Derivatives
Functions for computing derivatives of scalar-valued functions.
Overview
Derivatives are computed for scalar→scalar maps f(x) where x can be a single point or a collection of points. The derivative functions support:
- Forward differences:
O(1)function evaluation per point,O(h)accuracy - Central differences:
O(2)function evaluations per point,O(h²)accuracy - Complex step:
O(1)function evaluation per point, machine precision accuracy
For optimal performance with repeated computations, use the cached versions with DerivativeCache.
Functions
FiniteDiff.finite_difference_derivative — Function
FiniteDiff.finite_difference_derivative(
f,
x :: T,
fdtype :: Type{T1} = Val{:central},
returntype :: Type{T2} = eltype(x),
f_x :: Union{Nothing,T} = nothing)Single-point derivative of scalar->scalar maps.

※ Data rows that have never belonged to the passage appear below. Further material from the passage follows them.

(* For all real numbers $a,b,c>0$, \[ \frac{(ab+ac+bc)^{2}}{\sqrt{a^{2}+b^{2}+c^{2}}\,\sqrt{a^{2}+b^{2}+c^{2}+3ab+3bc+3ca}} \leq \frac{a^{2}b}{\sqrt{b^{2}+3ac}} + \frac{b^{2}c}{\sqrt{c^{2}+3ab}} + \frac{c^{2}a}{\sqrt{a^{2}+3bc}}. \] *)

From Stdlib Require Export Reals.

(* Write x, y, z for the three square roots on the right.  Engel's form of
   Cauchy-Schwarz with weights b x, c y, a z gives
   (ab + bc + ca)^2 <= RHS * (b x + c y + a z), and Cauchy-Schwarz again bounds
   b x + c y + a z by sqrt (a^2 + b^2 + c^2) * sqrt (x^2 + y^2 + z^2), where
   x^2 + y^2 + z^2 is exactly the second radicand on the left. *)
From Stdlib Require Import Reals Lra Psatz.
Open Scope R_scope.

Lemma cauchy_schwarz3 (u1 u2 u3 v1 v2 v3 : R) :
  (u1*v1 + u2*v2 + u3*v3)^2 <= (u1^2 + u2^2 + u3^2) * (v1^2 + v2^2 + v3^2).
Proof.
  assert (lagrange : (u1^2 + u2^2 + u3^2) * (v1^2 + v2^2 + v3^2)
                     - (u1*v1 + u2*v2 + u3*v3)^2
                   = (u1*v2 - u2*v1)^2 + (u2*v3 - u3*v2)^2 + (u3*v1 - u1*v3)^2)
    by ring.
  pose proof (pow2_ge_0 (u1*v2 - u2*v1)).
  pose proof (pow2_ge_0 (u2*v3 - u3*v2)).
  pose proof (pow2_ge_0 (u3*v1 - u1*v3)).
  lra.
Qed.

Lemma cauchy_schwarz3_sqrt (u1 u2 u3 v1 v2 v3 : R) :
  u1*v1 + u2*v2 + u3*v3
    <= sqrt (u1^2 + u2^2 + u3^2) * sqrt (v1^2 + v2^2 + v3^2).
Proof.
  assert (hu : 0 <= u1^2 + u2^2 + u3^2) by nra.
  rewrite <- sqrt_mult_alt by exact hu.
  eapply Rle_trans; [apply Rle_abs |].
  rewrite <- sqrt_Rsqr_abs, Rsqr_pow2.
  apply sqrt_le_1_alt, cauchy_schwarz3.
Qed.

Lemma engel3 (u1 u2 u3 p1 p2 p3 : R) :
  0 < p1 -> 0 < p2 -> 0 < p3 ->
  (u1 + u2 + u3)^2 <= (u1^2/p1 + u2^2/p2 + u3^2/p3) * (p1 + p2 + p3).
Proof.
  intros h1 h2 h3.
  assert (sqrt_weight : forall u p, 0 < p ->
            u / sqrt p * sqrt p = u /\ (u / sqrt p)^2 = u^2/p /\ (sqrt p)^2 = p).
  { intros u p hp.
    pose proof (sqrt_lt_R0 _ hp). pose proof (sqrt_sqrt _ (Rlt_le _ _ hp)).
    repeat split; [field; lra | | nra].
    replace ((u / sqrt p)^2) with (u^2 / (sqrt p * sqrt p)) by (field; lra).
    congruence. }
  destruct (sqrt_weight u1 p1 h1) as [e1 [f1 g1]].
  destruct (sqrt_weight u2 p2 h2) as [e2 [f2 g2]].
  destruct (sqrt_weight u3 p3 h3) as [e3 [f3 g3]].
  pose proof (cauchy_schwarz3 (u1 / sqrt p1) (u2 / sqrt p2) (u3 / sqrt p3)
                              (sqrt p1) (sqrt p2) (sqrt p3)) as cs.
  rewrite e1, e2, e3, f1, f2, f3, g1, g2, g3 in cs.
  exact cs.
Qed.

Lemma div_le_of_le_mul (N P Q S : R) :
  0 < P -> P <= Q -> 0 <= S -> N <= S * P -> N / Q <= S.
Proof.
  intros hP hPQ hS hN.
  apply (Rmult_le_reg_r Q); [lra |].
  unfold Rdiv. rewrite Rmult_assoc, Rinv_l, Rmult_1_r by lra.
  nra.
Qed.

Theorem mainTheorem10 (a b c : R) (ha : 0 < a) (hb : 0 < b) (hc : 0 < c) :
  (a*b + a*c + b*c)^2
    / (sqrt (a^2 + b^2 + c^2) * sqrt (a^2 + b^2 + c^2 + 3*a*b + 3*b*c + 3*c*a))
  <= a^2*b / sqrt (b^2 + 3*a*c) + b^2*c / sqrt (c^2 + 3*a*b)
     + c^2*a / sqrt (a^2 + 3*b*c).
Proof.
  assert (hx : 0 < b^2 + 3*a*c) by nra.
  assert (hy : 0 < c^2 + 3*a*b) by nra.
  assert (hz : 0 < a^2 + 3*b*c) by nra.
  pose proof (sqrt_lt_R0 _ hx). pose proof (sqrt_sqrt _ (Rlt_le _ _ hx)).
  pose proof (sqrt_lt_R0 _ hy). pose proof (sqrt_sqrt _ (Rlt_le _ _ hy)).
  pose proof (sqrt_lt_R0 _ hz). pose proof (sqrt_sqrt _ (Rlt_le _ _ hz)).
  set (x := sqrt (b^2 + 3*a*c)) in *.
  set (y := sqrt (c^2 + 3*a*b)) in *.
  set (z := sqrt (a^2 + 3*b*c)) in *.
  assert (radicand : a^2 + b^2 + c^2 + 3*a*b + 3*b*c + 3*c*a = z^2 + x^2 + y^2)
    by nra.
  assert (engel : (a*b + a*c + b*c)^2
                  <= (a^2*b/x + b^2*c/y + c^2*a/z) * (a*z + b*x + c*y)).
  { replace (a^2*b/x + b^2*c/y + c^2*a/z)
      with ((a*b)^2/(b*x) + (b*c)^2/(c*y) + (c*a)^2/(a*z)) by (field; lra).
    replace (a*b + a*c + b*c) with (a*b + b*c + c*a) by ring.
    replace (a*z + b*x + c*y) with (b*x + c*y + a*z) by ring.
    apply engel3; nra. }
  apply (div_le_of_le_mul _ (a*z + b*x + c*y)); [nra | | | exact engel].
  - rewrite radicand. apply cauchy_schwarz3_sqrt.
  - repeat apply Rplus_le_le_0_compat; apply Rlt_le, Rdiv_lt_0_compat;
      try apply Rmult_lt_0_compat; try apply pow_lt; lra.
Qed.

FiniteDiff.finite_difference_derivative(
f,
x :: AbstractArray{<:Number},
fdtype :: Type{T1} = Val{:central},
returntype :: Type{T2} = eltype(x), # return type of f
fx :: Union{Nothing,AbstractArray{<:Number}} = nothing,
epsilon :: Union{Nothing,AbstractArray{<:Real}} = nothing;
[epsilon_factor])Compute the derivative df of a scalar-valued map f at a collection of points x.
Cache-less.
FiniteDiff.finite_difference_derivative! — Function
FiniteDiff.finite_difference_derivative!(
df :: AbstractArray{<:Number},
f,
x :: AbstractArray{<:Number},
fdtype :: Type{T1} = Val{:central},
returntype :: Type{T2} = eltype(x),
fx :: Union{Nothing,AbstractArray{<:Number}} = nothing,
epsilon :: Union{Nothing,AbstractArray{<:Real}} = nothing;
[epsilon_factor])Compute the derivative df of a scalar-valued map f at a collection of points x.
Cache-less but non-allocating if fx and epsilon are supplied (fx must be f(x)).
FiniteDiff.finite_difference_derivative!(
df :: AbstractArray{<:Number},
f,
x :: AbstractArray{<:Number},
cache :: DerivativeCache{T1,T2,fdtype,returntype};
relstep = default_relstep(fdtype, eltype(x)),
absstep = relstep,
dir = true)Compute the derivative df of a scalar-valued map f at a collection of points x.
Cached.
Cache
FiniteDiff.DerivativeCache — Type
FiniteDiff.DerivativeCache(
x :: AbstractArray{<:Number},
fx :: Union{Nothing,AbstractArray{<:Number}} = nothing,
epsilon :: Union{Nothing,AbstractArray{<:Real}} = nothing,
fdtype :: Type{T1} = Val{:central},
returntype :: Type{T2} = eltype(x))This allocates either fx or epsilon if these are nothing and they are needed. fx is the current call of f(x) and is required for forward-differencing (otherwise is not necessary).